By this point, viewers may have lost their cookies too. Rather than believing anything Griffin says, it's easier to just sympathise with the Lewis family, who are vulnerable and desperate to get closure - and see justice served for their missing dad. Their grief feels exploited as a way to bring Baskin back into the story again. (Baskin herself refused to appear in the second series, and is suing Netflix for how she's involved - although she frequently appears in clips taken from her YouTube channel.)
None of the Baskin allegations have raised any charges so it's hard not to feel that a group of corrupt men - some with police histories - are piling onto a blonde female. But then again, on a handful of occasions things got so juicy that we felt like the man shovelling popcorn into his gob in that meme which went viral.
You know, this one:
Me trying to eat popcorn while watching a 4DX movie pic.twitter.com/HDo5PMjDgJ
— Wrestling Memes (@Wrestling_Memes) March 15, 2019
The most compelling story is served in the first episode, dedicated to the backstory of the man himself, Joe Exotic. In it, we learn that his former lover Brian Rhyne died of AIDS-related complications in the 1980s, how his dad abused him as a child and how his queerness dates back to his childhood. "He'd dress up as a cowboy, then a grandma - like he's in a make believe world," remembers one of his brothers.
Early life trauma can lead to some objectively terrible decisions later in life - hiring hitmen and the mass genocide of animals withstanding. However the series does well to convey how his actions often felt performative, rather than genuinely malicious - and the story of his queerness is one well worth listening to. "I was raised in an abusive cycle and I was gonna break that cycle," Exotic emotionally says in one excerpt looking at his backstory.
One rival park owner argues: "All the years Jeff Lowe wasn't in the picture, Joe didn't hurt anybody. All of a sudden, Jeff Lowe is in the picture and there are two hitmen."
As conversations increase around how problematic the culture of online sleuthing has become, giving the Baskin investigation another mainstream platform feels gratuitous. However Netflix love stretching out a cold case, as four-part documentary The Vanishing at the Cecil Hotel proved by essentially repeating the same 15-second clip of a woman in an elevator for four hours.

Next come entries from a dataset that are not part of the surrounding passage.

(* If pi(0, eps_i f) = 0, then t(0, eps_i (f' f)) = t(0, eps_i f') pi(0, eps_i f) = 0,
   where f' is the adjoint of f; so pi^(1) kills the rank-one operator Theta built
   from h := f' f.  That operator is phi_B(h h', 0) for i = 0 and
   phi_B(0, eps_(i-1) (h h')) for i > 0, in both cases with argument in the ideal
   ker phi (+) T, so coisometry makes pi vanish on this argument.  Injectivity of pi
   on A, resp. induction on i, gives h h' = 0, and the C*-identity gives f = 0. *)

Lemma additive_eq0 (K : pzRingType) (V W : lmodType K) (f : V -> W) :
  (forall (k : K) x y, f (k *: x + y) = k *: f x + f y) -> f 0 = 0.
Proof.
move=> f_lin; apply: (addrI (f 0)); rewrite addr0.
by have /esym := f_lin 1 0 0; rewrite !scale1r add0r.
Qed.

Section CStarAlgebra.
Variables (R : realType) (A : cstarAlg R).
Local Notation mulA := (@cs_mul R A).
Local Notation starA := (@cs_star R A).

Lemma cs_mul0r x : mulA 0 x = 0.
Proof.
have [[mulDl _ _] _ _ _ _] := cs_ax A.
exact: (@additive_eq0 _ _ _ (mulA^~ x) (fun k a b => mulDl k a b x)).
Qed.

Lemma cs_mulr0 x : mulA x 0 = 0.
Proof.
have [[_ mulDr _] _ _ _ _] := cs_ax A.
exact: (@additive_eq0 _ _ _ (mulA x) (fun k a b => mulDr k a b x)).
Qed.

Lemma cs_star0 : starA 0 = 0.
Proof.
have [_ [starD _ _] _ _ _] := cs_ax A.
apply: (addrI (starA 0)); rewrite addr0.
by have /esym := starD 1 0 0; rewrite rmorph1 !scale1r add0r.
Qed.

Lemma cs_norm0 : cs_norm (0 : A) = 0.
Proof.
have [_ _ [_ _ _ normZ _] _ _] := cs_ax A.
by have := normZ 0 0; rewrite scale0r normr0 mul0r => -[].
Qed.

Lemma cs_starmul_eq0 x : mulA (starA x) x = 0 -> x = 0.
Proof.
have [_ _ [_ norm_eq0 _ _ _] cstar_id _] := cs_ax A.
move=> xx0; apply: norm_eq0; apply/eqP; rewrite -sqrf_eq0.
by rewrite -cstar_id xx0 cs_norm0.
Qed.

Lemma cs_mulstar_eq0 x : mulA x (starA x) = 0 -> x = 0.
Proof.
have [_ [_ starK _] _ _ _] := cs_ax A.
move=> xx0; have /(congr1 starA) : starA x = 0 by apply: cs_starmul_eq0; rewrite starK.
by rewrite starK cs_star0.
Qed.

End CStarAlgebra.

Section Correspondence.
Variables (R : realType) (A : cstarAlg R) (X : correspondence A).
Local Notation mulA := (@cs_mul R A).
Local Notation starA := (@cs_star R A).
Local Notation phi := (@co_phi R A X).
Local Notation ip := (@co_ip R A X).

Lemma co_ract0 a : co_ract (0 : X) a = 0.
Proof.
have [[ractDl _ _] _ _ _ _] := co_hilb X.
exact: (@additive_eq0 _ _ _ ((@co_ract R A X)^~ a) (fun k x y => ractDl k x y a)).
Qed.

With Exotic in prison and Baskin refusing to take part, the root of this documentary - the tigers - take a backseat and in turn, it feels less clear why we're here again other than to hear more outrageous claims.

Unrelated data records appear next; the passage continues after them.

Section DistanceCharacterization.
Variables (T : finType) (e : rel T) (u : T) (D : T -> nat) (B : nat).
Hypothesis D_root : D u = 0.
Hypothesis D_eq0 : forall v, D v = 0 -> v = u.
Hypothesis D_edge : forall x v, e x v -> D v <= (D x).+1.
Hypothesis D_pred : forall v, 0 < D v < B -> exists2 x, e x v & (D x).+1 = D v.

Lemma mem_ball m v : m < B -> (v \in ball e m u) = (D v <= m).
Proof.
elim: m v => [|m IH] v ltmB.
  by rewrite /ball /= in_set1 leqn0; apply/eqP/eqP => [->|/D_eq0].
rewrite /ball iterS -/(ball e m u) /nbhd in_setU in_set IH ?(ltnW ltmB) //.
apply/idP/idP => [/orP[/leqW //|/existsP[x /andP[xm exv]]]|Dv].
  by rewrite IH ?(ltnW ltmB) // in xm; apply: leq_trans (D_edge exv) _.
have [//|ltmD] := leqP (D v) m; apply/orP; right.
have Dv1 : D v = m.+1 by apply/eqP; rewrite eqn_leq Dv.
have [x exv Dx] : exists2 x, e x v & (D x).+1 = D v by apply: D_pred; rewrite Dv1.
by apply/existsP; exists x; rewrite exv IH ?(ltnW ltmB) // -ltnS Dx Dv1 andbT.
Qed.

Lemma gdist_eq v : B <= #|T| -> D v < B -> gdist e u v = D v.
Proof.
move=> leBT ltvB; apply: find_iota; first exact: leq_trans leBT.
  by rewrite add0n mem_ball.
by move=> y ltyD; rewrite add0n mem_ball ?(ltn_trans ltyD) // -ltnNge.
Qed.
End DistanceCharacterization.

Definition hexd (a b : 'I_6) : nat := let x := (a + 6 - b) %% 6 in minn x (6 - x).
Definition hexadj (a b : 'I_6) : bool :=
  (val b == (val a).+1 %% 6) || (val a == (val b).+1 %% 6).

Ltac case_I6 x := case: x => [[|[|[|[|[|[|//]]]]]] ?].

Lemma hexdC a b : hexd a b = hexd b a.
Proof. by case_I6 a; case_I6 b. Qed.
Lemma hexd_le3 a b : hexd a b <= 3.
Proof. by case_I6 a; case_I6 b. Qed.
Lemma hexd_eq0 a b : (hexd a b == 0) = (a == b).
Proof. by case_I6 a; case_I6 b. Qed.
Lemma hexdxx a : hexd a a = 0.
Proof. by apply/eqP; rewrite hexd_eq0. Qed.
Lemma hexd_adj a b b' : hexadj b b' -> hexd a b' <= (hexd a b).+1.
Proof. by case_I6 a; case_I6 b; case_I6 b'. Qed.

Lemma hexd_pred a b : a != b -> exists2 b', hexadj b' b & (hexd a b').+1 = hexd a b.
Proof.
case_I6 a; case_I6 b => // _;
  first [ by exists (@Ordinal 6 0 isT) | by exists (@Ordinal 6 1 isT)
        | by exists (@Ordinal 6 2 isT) | by exists (@Ordinal 6 3 isT)
        | by exists (@Ordinal 6 4 isT) | by exists (@Ordinal 6 5 isT) ].
Qed.

Lemma sum_hexd a : \sum_b hexd a b = 9.
Proof. by rewrite !big_ord_recr big_ord0 /=; case_I6 a. Qed.
Lemma sum_hexd_l b : \sum_a hexd a b = 9.
Proof. by rewrite -(sum_hexd b); apply: eq_bigr => a _; rewrite hexdC. Qed.

Section ChainDistance.
Variables (n : nat) (d : chain_data n).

The rest of Tiger King is a dull run-through of life since the new park owner Lowe has failed at his grand plans to open a new megawatt development on the site of Exotic's old park - and that's basically the thrust of it. Now all he has left is to sit around waxing lyrical about his old enemy Joe. Lowe comes across as a nasty character with none of Exotic's past traumas as complicated justification for his callous comments.
His remarks, easy to fire off when Exotic has limited ways of responding from prison, feel cowardly and boring to watch. Exotic dials in from behind bars and says exactly what we've all come to expect of him - but sadly, he's still more obsessed with shallow threats against Baskin than he is about examining his own behaviour.
Overall, it's all a bit depressing. The message of Tiger King 2 is that they're mostly still bitching about each other. The only good news - and it is proper good news - is that the tigers are now living their best lives in a more expansive wildlife park elsewhere. Exotic wishes Tiger King 2 may deliver him the same fate.